* **Exercise prompt**
Filter the material below down to the lines with the word "exists" and give those lines.

* **Dataset records**
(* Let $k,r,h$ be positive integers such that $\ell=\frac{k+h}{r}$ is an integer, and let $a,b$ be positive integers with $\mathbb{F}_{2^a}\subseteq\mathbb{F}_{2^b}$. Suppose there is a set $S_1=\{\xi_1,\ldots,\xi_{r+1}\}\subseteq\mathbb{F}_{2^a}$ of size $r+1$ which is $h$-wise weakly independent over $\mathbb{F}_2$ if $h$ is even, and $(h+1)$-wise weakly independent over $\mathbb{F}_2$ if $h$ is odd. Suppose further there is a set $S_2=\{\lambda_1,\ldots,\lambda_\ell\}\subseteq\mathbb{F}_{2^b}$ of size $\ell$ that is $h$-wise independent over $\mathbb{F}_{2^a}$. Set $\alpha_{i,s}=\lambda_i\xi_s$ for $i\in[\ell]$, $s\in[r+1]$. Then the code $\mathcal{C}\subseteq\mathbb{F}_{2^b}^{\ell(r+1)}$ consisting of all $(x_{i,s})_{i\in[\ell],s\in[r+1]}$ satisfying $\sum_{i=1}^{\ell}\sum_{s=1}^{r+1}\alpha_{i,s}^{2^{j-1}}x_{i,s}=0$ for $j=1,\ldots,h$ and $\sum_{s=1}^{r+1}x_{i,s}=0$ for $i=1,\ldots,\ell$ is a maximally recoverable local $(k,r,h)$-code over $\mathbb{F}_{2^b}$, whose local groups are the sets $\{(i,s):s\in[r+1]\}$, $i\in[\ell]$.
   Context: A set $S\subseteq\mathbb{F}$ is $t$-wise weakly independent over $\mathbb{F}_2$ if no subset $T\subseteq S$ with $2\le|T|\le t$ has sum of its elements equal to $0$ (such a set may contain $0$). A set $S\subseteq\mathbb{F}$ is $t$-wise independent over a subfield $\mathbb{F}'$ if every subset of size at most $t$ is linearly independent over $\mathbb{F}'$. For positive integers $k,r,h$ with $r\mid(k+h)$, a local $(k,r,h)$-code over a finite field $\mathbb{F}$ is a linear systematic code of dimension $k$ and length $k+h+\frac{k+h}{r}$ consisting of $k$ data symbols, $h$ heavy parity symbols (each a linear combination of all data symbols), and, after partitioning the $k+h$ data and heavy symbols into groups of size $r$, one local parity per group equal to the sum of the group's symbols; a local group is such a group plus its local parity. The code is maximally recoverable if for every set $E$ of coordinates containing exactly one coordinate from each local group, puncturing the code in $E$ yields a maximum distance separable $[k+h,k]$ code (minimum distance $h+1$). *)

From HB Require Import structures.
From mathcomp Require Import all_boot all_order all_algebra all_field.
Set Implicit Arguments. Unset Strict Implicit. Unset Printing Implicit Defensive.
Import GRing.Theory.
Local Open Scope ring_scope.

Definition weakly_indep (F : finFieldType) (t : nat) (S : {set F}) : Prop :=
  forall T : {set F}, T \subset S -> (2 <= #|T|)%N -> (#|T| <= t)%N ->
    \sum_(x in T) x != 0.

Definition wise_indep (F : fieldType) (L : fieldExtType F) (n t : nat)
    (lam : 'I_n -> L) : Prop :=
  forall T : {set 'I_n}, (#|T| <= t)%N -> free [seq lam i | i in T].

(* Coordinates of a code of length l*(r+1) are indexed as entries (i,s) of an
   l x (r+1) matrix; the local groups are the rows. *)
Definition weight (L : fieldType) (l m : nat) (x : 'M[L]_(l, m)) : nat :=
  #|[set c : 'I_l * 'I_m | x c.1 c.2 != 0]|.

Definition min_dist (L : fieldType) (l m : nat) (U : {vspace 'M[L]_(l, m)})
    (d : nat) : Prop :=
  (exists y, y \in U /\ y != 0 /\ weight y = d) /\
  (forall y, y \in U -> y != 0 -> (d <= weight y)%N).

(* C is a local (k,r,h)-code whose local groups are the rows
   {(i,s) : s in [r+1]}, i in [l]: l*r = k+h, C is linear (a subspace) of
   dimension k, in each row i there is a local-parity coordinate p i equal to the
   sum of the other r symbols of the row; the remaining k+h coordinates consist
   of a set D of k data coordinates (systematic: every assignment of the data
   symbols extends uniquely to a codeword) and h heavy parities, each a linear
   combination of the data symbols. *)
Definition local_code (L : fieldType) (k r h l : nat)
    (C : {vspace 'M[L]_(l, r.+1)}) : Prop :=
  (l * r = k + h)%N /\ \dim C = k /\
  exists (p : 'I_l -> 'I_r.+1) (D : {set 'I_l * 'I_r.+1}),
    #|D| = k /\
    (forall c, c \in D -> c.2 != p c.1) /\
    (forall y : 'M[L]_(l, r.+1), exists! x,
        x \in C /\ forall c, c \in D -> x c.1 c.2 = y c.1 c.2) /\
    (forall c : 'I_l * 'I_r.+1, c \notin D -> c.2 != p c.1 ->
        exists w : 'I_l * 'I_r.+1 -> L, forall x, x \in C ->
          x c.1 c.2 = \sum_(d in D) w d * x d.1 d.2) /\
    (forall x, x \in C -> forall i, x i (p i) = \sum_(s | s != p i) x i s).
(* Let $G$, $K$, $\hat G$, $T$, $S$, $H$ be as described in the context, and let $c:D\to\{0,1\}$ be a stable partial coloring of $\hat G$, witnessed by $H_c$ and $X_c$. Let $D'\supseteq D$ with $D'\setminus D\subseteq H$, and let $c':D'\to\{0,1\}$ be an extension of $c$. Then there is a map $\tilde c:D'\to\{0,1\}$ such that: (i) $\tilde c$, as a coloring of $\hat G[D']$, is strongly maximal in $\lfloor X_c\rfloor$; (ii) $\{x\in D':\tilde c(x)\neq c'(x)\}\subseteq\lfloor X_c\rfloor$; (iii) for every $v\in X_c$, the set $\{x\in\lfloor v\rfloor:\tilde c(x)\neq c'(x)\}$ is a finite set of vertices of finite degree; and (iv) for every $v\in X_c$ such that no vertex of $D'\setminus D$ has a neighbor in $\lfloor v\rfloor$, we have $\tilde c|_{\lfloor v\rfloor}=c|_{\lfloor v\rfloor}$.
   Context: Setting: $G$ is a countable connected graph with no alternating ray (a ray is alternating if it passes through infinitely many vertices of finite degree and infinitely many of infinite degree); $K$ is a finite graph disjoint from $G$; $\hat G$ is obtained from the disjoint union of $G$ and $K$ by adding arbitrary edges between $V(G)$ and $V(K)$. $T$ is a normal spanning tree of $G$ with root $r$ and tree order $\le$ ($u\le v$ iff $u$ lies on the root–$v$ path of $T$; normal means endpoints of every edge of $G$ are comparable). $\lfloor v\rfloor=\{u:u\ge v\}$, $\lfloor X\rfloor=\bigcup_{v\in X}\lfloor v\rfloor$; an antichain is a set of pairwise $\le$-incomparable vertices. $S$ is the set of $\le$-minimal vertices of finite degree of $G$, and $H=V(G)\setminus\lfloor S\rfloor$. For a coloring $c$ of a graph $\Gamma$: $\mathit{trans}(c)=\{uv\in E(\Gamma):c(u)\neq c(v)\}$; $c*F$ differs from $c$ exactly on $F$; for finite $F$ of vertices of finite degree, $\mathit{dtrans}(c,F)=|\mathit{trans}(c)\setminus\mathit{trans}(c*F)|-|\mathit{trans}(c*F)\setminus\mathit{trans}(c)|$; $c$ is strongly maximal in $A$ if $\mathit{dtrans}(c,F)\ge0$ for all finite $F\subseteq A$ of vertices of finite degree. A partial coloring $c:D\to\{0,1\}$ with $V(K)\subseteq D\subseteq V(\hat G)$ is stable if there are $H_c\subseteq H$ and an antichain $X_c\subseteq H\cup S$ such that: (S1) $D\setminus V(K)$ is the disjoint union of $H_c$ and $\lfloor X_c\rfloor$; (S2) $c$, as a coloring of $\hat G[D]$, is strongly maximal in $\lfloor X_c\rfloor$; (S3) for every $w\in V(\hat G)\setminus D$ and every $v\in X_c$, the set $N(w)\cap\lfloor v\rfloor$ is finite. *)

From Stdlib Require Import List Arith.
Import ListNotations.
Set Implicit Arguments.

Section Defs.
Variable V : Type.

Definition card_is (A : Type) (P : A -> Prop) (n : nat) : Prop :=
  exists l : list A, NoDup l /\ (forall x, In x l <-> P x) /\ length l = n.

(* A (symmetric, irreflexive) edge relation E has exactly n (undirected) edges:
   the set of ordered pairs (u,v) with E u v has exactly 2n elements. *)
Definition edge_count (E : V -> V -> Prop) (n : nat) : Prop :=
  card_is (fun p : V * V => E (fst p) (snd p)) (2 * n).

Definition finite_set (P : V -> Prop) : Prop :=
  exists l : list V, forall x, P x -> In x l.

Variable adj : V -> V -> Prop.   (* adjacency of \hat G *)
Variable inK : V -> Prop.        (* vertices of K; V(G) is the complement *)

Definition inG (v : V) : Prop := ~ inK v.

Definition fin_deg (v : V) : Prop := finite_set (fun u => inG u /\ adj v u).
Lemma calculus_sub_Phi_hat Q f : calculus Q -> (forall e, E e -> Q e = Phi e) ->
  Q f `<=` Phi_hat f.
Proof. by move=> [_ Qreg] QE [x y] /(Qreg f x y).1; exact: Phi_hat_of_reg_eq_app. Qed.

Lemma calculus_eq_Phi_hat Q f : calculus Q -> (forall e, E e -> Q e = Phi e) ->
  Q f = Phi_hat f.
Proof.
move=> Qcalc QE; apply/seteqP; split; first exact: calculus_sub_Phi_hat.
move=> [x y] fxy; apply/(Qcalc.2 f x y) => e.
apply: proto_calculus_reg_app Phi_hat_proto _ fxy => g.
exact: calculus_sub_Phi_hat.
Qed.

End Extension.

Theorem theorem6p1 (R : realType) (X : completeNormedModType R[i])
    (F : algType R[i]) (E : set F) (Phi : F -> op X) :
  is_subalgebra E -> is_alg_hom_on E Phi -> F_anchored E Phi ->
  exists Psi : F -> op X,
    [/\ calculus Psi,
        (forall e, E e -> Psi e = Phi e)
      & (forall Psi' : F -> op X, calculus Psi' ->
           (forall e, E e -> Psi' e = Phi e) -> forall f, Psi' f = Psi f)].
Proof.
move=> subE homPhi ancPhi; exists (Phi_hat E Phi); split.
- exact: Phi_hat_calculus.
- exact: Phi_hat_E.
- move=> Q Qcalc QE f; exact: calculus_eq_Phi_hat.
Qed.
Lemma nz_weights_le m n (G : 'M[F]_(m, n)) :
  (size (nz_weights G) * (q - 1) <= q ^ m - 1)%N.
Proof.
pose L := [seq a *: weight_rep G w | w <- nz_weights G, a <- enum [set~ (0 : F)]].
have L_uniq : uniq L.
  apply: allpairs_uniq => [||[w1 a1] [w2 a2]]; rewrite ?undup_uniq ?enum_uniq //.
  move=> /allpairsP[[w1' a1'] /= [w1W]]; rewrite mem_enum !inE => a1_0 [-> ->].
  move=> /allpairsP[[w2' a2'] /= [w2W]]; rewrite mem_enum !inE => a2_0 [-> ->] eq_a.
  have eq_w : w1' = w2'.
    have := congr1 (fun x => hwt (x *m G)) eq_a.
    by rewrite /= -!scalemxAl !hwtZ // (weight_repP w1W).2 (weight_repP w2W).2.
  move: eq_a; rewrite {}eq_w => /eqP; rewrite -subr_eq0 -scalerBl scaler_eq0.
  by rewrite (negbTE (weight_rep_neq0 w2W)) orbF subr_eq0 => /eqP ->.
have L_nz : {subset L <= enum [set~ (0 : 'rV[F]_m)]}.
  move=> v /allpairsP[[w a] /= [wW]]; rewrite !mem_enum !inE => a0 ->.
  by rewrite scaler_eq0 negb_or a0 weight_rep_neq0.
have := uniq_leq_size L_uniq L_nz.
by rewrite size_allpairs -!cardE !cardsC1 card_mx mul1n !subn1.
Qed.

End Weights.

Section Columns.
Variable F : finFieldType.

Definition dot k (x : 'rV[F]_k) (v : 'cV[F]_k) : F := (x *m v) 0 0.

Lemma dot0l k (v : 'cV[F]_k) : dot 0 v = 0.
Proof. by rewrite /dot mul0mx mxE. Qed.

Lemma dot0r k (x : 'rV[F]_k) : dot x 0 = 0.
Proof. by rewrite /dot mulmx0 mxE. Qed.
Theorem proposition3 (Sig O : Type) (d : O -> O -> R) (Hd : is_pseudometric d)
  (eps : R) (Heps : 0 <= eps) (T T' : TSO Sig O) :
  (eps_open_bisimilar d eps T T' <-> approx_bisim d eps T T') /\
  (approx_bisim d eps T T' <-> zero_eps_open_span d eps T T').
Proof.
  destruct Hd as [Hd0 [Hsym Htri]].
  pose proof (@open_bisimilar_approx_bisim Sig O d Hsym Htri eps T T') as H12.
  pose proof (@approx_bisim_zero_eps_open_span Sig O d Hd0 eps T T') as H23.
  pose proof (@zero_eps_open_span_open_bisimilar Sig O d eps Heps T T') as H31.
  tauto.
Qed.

* **Task output**
  (exists y, y \in U /\ y != 0 /\ weight y = d) /\
  exists (p : 'I_l -> 'I_r.+1) (D : {set 'I_l * 'I_r.+1}),
    (forall y : 'M[L]_(l, r.+1), exists! x,
        exists w : 'I_l * 'I_r.+1 -> L, forall x, x \in C ->
  exists l : list A, NoDup l /\ (forall x, In x l <-> P x) /\ length l = n.
  exists l : list V, forall x, P x -> In x l.
  exists Psi : F -> op X,
move=> subE homPhi ancPhi; exists (Phi_hat E Phi); split.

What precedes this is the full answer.